START INPUT MATERIAL

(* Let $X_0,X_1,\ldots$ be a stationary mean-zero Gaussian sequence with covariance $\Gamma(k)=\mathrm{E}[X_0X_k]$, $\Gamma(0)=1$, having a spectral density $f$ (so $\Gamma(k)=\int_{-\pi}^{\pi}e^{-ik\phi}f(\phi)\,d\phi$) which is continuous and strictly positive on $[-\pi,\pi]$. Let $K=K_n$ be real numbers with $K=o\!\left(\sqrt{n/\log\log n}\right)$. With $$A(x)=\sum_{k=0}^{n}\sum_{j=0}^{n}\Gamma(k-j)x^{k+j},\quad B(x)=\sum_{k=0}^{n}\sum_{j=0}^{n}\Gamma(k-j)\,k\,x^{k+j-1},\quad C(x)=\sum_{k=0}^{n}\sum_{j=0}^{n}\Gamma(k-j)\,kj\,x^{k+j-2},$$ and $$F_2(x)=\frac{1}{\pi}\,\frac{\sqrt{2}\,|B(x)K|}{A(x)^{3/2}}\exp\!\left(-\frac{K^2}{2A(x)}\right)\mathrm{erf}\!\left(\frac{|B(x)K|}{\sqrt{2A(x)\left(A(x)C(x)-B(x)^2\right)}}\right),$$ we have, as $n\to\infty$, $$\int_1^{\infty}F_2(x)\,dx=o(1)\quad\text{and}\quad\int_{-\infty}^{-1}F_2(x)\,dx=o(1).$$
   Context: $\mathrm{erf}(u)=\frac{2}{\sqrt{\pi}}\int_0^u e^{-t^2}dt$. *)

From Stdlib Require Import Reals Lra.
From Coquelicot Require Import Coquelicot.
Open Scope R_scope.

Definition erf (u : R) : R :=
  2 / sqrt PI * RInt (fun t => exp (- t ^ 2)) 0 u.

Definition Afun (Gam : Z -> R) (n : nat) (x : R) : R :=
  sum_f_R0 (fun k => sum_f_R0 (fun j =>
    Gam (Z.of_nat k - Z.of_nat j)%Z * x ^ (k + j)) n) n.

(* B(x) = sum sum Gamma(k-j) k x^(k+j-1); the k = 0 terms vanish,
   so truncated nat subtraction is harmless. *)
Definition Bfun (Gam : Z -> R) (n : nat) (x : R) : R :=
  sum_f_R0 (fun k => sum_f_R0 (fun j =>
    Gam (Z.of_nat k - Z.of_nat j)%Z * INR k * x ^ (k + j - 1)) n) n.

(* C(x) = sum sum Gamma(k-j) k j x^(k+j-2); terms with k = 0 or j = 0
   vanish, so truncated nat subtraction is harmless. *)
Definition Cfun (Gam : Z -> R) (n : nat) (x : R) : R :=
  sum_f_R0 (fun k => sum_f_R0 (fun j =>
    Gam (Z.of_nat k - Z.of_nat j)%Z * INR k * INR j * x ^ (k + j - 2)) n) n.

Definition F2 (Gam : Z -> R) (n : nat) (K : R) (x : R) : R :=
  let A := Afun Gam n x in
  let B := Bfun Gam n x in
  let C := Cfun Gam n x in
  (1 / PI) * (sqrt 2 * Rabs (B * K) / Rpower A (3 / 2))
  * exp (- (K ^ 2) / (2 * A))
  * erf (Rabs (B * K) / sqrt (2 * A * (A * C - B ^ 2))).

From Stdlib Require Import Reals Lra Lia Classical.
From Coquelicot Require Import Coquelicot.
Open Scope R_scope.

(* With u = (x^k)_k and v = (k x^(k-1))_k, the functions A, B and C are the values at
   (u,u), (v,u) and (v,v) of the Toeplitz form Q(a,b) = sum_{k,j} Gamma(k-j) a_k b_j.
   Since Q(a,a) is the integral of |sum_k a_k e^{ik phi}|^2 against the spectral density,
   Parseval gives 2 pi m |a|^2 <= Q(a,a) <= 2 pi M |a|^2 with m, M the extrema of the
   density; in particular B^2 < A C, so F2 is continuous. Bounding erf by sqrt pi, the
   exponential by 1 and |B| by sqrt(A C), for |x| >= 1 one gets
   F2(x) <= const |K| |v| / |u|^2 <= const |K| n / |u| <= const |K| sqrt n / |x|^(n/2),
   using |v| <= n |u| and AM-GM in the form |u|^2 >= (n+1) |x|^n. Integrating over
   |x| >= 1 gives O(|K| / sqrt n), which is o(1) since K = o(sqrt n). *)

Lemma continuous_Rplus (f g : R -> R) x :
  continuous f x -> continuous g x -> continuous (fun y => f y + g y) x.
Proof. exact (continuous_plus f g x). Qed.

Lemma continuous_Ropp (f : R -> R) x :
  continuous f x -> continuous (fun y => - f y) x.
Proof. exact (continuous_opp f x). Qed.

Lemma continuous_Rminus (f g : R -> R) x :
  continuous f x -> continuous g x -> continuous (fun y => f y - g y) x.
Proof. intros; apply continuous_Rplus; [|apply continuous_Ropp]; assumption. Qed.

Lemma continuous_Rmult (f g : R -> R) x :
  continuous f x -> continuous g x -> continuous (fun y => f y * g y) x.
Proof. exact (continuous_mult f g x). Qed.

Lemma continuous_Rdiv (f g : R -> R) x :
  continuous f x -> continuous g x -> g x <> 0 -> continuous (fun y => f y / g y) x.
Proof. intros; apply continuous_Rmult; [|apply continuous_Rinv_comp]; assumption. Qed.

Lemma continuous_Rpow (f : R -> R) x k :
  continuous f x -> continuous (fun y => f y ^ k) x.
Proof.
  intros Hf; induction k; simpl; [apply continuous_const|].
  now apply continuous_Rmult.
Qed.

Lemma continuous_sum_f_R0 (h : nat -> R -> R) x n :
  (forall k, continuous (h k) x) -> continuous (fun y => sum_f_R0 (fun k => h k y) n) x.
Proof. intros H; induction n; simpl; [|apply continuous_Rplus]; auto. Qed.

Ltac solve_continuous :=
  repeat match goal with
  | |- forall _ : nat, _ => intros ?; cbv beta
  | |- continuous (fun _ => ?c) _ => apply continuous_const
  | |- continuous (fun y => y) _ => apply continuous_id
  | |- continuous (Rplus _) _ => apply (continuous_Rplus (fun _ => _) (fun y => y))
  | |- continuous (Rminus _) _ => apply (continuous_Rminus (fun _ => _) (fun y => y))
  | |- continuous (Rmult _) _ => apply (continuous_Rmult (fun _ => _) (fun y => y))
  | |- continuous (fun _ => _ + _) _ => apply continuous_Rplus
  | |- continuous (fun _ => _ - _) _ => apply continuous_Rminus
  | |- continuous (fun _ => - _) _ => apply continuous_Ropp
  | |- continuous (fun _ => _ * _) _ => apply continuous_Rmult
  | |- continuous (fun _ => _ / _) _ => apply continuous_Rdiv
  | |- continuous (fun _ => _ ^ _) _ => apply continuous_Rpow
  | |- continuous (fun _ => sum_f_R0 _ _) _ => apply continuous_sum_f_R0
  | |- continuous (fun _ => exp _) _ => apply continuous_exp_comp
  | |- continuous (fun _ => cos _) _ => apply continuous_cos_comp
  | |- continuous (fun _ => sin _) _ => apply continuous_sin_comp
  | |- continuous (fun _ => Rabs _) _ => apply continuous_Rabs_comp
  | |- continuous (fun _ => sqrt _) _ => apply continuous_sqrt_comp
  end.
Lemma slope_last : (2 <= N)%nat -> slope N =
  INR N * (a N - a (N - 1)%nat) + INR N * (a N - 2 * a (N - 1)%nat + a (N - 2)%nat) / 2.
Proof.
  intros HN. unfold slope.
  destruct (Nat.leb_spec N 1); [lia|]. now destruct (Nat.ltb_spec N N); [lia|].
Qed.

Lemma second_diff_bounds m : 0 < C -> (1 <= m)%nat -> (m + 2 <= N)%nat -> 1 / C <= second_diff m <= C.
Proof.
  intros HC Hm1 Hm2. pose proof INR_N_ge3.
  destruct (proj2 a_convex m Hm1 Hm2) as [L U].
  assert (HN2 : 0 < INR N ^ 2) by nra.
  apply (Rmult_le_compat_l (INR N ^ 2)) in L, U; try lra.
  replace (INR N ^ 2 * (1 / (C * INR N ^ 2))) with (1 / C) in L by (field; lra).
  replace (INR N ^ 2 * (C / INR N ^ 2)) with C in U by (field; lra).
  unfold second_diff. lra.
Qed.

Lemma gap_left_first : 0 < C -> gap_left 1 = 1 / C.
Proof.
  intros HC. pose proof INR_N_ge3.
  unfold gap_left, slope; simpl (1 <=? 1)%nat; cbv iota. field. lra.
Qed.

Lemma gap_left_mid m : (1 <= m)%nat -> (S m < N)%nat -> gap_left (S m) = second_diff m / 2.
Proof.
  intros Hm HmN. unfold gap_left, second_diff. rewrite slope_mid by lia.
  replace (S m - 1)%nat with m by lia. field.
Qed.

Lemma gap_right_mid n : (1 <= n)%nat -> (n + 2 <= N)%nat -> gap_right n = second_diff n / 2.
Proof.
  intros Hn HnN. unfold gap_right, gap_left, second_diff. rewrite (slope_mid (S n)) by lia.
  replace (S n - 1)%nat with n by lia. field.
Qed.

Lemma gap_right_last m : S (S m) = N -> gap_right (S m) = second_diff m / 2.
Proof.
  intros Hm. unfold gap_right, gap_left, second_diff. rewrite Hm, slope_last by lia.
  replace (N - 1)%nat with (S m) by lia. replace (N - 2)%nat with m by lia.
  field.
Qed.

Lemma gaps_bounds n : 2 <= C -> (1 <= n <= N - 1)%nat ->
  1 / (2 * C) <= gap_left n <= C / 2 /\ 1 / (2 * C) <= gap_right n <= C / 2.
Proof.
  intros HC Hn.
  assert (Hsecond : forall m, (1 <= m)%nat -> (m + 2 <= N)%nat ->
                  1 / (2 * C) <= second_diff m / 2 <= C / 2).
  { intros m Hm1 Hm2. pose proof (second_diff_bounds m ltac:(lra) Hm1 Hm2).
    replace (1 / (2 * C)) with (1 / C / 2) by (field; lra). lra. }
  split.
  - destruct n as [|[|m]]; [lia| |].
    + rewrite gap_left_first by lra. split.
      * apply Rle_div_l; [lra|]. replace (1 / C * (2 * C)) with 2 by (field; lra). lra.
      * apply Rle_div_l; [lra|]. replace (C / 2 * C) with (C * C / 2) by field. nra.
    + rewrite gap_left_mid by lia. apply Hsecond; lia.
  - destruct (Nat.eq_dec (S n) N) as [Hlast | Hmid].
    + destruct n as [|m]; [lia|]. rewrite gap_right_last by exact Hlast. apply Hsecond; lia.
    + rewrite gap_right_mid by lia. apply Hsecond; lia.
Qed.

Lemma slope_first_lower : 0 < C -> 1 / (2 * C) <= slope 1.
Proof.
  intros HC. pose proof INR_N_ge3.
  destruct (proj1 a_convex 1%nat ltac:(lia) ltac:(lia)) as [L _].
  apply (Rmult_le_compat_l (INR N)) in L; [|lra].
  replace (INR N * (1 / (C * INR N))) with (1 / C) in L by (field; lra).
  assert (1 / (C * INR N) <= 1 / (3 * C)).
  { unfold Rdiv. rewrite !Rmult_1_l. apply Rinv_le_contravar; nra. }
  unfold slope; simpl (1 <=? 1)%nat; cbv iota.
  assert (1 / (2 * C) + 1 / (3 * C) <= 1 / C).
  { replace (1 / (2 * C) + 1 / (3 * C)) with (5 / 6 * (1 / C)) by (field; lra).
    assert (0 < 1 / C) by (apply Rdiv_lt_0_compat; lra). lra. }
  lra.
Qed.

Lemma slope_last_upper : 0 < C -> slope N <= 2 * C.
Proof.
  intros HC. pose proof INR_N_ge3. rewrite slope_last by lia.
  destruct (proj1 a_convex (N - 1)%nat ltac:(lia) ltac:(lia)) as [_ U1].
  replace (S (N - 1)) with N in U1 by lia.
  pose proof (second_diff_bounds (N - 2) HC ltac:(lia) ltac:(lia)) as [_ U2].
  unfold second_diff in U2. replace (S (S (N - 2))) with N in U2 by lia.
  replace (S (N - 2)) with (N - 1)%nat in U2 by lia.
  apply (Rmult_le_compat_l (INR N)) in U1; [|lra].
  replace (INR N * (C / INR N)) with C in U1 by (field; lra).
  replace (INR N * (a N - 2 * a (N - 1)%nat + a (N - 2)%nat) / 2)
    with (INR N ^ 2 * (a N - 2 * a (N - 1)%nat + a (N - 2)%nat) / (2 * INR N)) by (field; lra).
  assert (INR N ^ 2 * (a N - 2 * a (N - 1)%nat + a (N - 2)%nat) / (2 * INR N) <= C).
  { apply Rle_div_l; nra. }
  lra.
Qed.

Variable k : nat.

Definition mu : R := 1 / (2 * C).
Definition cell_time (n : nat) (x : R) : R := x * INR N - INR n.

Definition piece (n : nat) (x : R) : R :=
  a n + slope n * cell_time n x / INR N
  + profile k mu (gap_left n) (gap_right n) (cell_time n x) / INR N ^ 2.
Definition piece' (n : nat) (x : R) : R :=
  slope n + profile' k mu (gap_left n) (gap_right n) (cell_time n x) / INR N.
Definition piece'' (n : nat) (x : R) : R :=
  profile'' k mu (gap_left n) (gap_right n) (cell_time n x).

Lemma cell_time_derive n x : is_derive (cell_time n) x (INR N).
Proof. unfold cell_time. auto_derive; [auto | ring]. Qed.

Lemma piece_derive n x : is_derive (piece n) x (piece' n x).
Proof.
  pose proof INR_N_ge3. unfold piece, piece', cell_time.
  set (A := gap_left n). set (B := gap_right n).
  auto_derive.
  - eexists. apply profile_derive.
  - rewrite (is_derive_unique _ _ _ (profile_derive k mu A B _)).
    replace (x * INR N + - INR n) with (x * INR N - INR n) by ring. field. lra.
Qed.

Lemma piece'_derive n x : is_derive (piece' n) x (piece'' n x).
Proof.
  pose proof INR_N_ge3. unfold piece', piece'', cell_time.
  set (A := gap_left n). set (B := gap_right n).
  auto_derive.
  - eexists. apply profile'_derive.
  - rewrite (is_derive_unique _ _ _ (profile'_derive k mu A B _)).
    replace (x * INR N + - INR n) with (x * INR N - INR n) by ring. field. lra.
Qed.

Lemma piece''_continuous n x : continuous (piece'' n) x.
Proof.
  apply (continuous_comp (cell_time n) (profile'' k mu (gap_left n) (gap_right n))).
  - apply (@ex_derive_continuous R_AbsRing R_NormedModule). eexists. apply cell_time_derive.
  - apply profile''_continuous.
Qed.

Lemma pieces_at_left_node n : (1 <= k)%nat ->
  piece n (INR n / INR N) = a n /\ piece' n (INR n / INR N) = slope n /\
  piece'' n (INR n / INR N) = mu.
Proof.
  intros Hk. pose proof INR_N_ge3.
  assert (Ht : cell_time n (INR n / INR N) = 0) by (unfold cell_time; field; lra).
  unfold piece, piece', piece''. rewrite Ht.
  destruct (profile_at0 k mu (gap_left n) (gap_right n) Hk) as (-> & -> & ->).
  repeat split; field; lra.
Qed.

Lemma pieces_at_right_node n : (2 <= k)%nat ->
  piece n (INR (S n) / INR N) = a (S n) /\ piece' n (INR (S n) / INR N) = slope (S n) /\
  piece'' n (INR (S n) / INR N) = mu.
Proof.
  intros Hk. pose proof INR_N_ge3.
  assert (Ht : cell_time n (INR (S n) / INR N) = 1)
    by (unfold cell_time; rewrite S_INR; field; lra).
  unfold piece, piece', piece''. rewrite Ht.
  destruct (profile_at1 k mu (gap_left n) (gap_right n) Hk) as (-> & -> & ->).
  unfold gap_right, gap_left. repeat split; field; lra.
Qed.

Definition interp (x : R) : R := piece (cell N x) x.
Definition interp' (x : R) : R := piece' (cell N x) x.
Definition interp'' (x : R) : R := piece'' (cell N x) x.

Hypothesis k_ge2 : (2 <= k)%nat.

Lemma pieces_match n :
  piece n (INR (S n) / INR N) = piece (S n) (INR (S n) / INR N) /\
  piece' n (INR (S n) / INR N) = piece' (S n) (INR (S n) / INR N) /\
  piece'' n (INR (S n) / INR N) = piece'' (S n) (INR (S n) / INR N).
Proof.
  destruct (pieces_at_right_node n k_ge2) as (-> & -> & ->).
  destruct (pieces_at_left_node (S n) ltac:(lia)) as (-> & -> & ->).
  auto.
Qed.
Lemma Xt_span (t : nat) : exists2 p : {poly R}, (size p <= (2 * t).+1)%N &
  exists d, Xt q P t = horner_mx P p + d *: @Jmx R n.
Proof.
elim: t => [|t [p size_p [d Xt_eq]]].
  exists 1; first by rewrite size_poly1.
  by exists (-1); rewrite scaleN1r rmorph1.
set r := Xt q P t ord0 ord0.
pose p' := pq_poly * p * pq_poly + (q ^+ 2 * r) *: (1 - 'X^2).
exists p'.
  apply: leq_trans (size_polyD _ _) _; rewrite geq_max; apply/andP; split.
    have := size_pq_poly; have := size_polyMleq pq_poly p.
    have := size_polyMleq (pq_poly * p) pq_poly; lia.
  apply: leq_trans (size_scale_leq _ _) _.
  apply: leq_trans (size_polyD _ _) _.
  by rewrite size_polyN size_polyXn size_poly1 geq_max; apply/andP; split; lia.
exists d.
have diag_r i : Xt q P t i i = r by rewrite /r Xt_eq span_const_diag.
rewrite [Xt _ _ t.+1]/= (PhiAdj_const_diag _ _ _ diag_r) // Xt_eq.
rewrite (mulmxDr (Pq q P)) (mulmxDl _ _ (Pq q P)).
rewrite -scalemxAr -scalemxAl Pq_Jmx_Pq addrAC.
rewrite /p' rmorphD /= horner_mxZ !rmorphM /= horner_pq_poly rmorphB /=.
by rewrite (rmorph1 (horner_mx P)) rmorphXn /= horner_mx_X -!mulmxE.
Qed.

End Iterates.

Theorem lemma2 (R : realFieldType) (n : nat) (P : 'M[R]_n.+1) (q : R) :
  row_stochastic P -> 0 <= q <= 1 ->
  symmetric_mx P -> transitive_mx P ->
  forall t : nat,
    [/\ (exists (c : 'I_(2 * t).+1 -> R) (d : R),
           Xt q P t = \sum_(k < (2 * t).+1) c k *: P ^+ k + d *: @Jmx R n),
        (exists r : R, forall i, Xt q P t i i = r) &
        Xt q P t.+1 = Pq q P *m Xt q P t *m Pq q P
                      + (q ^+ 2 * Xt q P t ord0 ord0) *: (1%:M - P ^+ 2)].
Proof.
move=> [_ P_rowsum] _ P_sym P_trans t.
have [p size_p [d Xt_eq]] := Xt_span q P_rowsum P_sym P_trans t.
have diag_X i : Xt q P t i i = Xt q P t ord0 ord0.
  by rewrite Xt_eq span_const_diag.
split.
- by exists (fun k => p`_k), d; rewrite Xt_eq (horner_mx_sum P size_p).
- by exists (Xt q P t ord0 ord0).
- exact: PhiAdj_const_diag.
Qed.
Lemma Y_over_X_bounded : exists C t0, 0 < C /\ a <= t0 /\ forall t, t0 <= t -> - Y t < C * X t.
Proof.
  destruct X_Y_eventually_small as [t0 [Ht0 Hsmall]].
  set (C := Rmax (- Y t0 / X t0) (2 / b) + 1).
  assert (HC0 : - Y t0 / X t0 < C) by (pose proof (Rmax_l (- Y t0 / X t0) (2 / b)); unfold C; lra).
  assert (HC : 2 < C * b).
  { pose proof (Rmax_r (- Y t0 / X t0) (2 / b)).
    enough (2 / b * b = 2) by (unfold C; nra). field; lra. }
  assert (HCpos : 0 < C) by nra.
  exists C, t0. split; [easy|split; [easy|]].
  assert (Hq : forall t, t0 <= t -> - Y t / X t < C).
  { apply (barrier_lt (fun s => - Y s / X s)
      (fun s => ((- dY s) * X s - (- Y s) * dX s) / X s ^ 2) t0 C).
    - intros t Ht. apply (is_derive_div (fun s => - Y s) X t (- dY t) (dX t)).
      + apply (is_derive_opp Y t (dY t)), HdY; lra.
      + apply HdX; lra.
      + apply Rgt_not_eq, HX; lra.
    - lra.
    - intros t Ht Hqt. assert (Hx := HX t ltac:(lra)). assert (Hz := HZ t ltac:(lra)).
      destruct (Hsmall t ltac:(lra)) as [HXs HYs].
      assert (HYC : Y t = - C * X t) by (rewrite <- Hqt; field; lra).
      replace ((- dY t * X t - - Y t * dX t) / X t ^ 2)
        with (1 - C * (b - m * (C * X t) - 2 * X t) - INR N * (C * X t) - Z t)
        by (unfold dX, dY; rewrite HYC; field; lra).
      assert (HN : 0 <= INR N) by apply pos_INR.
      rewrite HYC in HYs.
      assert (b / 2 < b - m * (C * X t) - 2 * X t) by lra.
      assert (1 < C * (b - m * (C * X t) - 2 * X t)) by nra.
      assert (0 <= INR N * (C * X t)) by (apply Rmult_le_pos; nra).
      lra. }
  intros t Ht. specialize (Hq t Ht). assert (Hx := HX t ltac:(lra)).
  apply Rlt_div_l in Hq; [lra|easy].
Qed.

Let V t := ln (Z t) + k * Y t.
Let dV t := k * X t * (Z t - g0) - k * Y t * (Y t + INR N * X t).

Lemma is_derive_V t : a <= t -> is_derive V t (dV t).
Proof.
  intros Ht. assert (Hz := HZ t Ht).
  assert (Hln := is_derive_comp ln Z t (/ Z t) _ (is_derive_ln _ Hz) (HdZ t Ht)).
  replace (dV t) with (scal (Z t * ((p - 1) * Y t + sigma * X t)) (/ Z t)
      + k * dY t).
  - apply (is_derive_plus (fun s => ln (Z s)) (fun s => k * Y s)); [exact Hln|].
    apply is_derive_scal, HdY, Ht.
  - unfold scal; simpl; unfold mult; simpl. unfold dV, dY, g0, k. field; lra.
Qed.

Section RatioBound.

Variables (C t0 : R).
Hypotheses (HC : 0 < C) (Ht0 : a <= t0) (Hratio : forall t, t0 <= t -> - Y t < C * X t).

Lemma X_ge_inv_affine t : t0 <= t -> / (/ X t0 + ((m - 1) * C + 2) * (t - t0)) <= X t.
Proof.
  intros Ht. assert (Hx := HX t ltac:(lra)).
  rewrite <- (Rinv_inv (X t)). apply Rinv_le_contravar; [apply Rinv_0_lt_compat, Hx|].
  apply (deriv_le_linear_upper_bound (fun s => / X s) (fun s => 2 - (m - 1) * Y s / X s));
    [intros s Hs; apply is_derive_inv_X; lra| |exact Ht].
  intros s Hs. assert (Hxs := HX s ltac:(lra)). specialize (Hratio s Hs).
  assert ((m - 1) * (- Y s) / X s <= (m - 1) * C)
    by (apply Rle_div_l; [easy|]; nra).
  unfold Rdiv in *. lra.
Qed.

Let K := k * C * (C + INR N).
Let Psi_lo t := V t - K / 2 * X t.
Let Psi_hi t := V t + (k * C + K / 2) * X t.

END INPUT MATERIAL

EXERCISE AIM » Wherever the string "induction" appears in a line of the records above, copy that line.

OUTPUT FOR THIS EXERCISE »
  intros Hf; induction k; simpl; [apply continuous_const|].
Proof. intros H; induction n; simpl; [|apply continuous_Rplus]; auto. Qed.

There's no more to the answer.